BEGIN

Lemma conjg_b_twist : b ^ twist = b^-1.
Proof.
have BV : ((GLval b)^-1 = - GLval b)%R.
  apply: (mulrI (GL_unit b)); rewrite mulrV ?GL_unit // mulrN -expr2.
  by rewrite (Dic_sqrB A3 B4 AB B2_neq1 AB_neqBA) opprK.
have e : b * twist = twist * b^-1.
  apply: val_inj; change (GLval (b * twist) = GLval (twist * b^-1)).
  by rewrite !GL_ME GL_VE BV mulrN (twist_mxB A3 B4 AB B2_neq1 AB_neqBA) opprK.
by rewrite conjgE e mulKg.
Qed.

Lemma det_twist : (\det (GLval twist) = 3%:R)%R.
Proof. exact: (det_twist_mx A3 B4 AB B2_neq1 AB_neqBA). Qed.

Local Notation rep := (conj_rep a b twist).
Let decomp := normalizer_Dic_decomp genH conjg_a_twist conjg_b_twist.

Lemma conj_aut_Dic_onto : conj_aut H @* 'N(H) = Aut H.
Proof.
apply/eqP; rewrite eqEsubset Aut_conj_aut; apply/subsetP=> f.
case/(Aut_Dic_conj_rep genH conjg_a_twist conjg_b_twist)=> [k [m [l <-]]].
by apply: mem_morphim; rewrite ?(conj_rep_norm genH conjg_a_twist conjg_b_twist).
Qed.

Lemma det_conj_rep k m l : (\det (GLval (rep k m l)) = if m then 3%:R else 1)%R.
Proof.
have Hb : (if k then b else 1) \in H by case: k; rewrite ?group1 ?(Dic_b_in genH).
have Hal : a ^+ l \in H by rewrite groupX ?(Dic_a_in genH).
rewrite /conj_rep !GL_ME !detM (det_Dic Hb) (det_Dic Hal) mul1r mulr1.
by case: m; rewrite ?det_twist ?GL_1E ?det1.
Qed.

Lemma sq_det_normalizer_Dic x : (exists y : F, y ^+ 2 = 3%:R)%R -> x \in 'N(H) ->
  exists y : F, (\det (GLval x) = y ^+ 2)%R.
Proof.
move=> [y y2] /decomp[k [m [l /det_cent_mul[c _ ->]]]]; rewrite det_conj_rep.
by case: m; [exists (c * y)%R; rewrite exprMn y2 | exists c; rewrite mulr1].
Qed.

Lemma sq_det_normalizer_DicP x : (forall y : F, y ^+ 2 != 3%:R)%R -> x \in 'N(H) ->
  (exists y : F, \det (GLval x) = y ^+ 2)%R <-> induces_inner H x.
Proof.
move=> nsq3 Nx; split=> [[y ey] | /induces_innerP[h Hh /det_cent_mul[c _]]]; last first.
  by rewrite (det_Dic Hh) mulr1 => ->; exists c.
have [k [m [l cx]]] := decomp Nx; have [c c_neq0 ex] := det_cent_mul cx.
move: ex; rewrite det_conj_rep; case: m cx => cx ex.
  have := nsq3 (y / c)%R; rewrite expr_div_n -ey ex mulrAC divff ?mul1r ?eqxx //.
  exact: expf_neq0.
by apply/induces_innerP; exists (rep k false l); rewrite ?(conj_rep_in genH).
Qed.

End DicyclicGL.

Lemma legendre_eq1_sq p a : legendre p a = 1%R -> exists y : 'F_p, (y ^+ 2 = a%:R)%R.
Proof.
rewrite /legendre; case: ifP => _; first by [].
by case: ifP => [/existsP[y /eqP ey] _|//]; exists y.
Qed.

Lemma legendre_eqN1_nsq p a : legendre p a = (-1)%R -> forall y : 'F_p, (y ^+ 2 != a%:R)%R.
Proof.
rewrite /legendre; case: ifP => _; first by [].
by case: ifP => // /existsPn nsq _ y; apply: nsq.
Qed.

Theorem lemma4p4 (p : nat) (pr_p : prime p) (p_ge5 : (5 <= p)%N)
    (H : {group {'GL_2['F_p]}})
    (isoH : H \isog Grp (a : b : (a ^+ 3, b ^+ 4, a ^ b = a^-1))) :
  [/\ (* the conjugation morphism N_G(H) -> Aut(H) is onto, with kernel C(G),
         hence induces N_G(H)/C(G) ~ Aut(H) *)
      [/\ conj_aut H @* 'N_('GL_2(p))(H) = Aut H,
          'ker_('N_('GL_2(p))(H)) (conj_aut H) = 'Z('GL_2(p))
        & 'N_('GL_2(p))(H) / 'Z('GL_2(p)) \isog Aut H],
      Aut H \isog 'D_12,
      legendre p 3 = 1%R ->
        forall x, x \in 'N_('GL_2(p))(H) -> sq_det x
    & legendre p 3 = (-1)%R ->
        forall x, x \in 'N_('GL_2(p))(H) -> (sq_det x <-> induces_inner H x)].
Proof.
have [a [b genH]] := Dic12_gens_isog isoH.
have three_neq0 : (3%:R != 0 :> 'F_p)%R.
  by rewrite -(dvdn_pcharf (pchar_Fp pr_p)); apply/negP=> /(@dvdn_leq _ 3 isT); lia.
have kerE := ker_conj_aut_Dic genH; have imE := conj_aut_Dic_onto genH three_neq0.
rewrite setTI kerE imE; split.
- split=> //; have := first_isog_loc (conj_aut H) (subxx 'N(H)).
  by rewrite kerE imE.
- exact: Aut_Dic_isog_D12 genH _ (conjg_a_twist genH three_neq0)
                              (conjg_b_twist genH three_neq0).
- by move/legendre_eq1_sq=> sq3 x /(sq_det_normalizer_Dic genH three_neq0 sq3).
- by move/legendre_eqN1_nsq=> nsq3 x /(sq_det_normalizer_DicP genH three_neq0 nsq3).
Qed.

END

-- WHAT NEEDS TO BE DONE --
In the data above, find the line that contains "by case: ifP => //" and the line that contains "have three_neq0 : (3%:R != 0 :> 'F_p)%R.". Repeat exactly those lines and every line between them, and only those.

-- RESULT OF THIS EXERCISE --
by case: ifP => // /existsPn nsq _ y; apply: nsq.
Qed.

Theorem lemma4p4 (p : nat) (pr_p : prime p) (p_ge5 : (5 <= p)%N)
    (H : {group {'GL_2['F_p]}})
    (isoH : H \isog Grp (a : b : (a ^+ 3, b ^+ 4, a ^ b = a^-1))) :
  [/\ (* the conjugation morphism N_G(H) -> Aut(H) is onto, with kernel C(G),
         hence induces N_G(H)/C(G) ~ Aut(H) *)
      [/\ conj_aut H @* 'N_('GL_2(p))(H) = Aut H,
          'ker_('N_('GL_2(p))(H)) (conj_aut H) = 'Z('GL_2(p))
        & 'N_('GL_2(p))(H) / 'Z('GL_2(p)) \isog Aut H],
      Aut H \isog 'D_12,
      legendre p 3 = 1%R ->
        forall x, x \in 'N_('GL_2(p))(H) -> sq_det x
    & legendre p 3 = (-1)%R ->
        forall x, x \in 'N_('GL_2(p))(H) -> (sq_det x <-> induces_inner H x)].
Proof.
have [a [b genH]] := Dic12_gens_isog isoH.
have three_neq0 : (3%:R != 0 :> 'F_p)%R.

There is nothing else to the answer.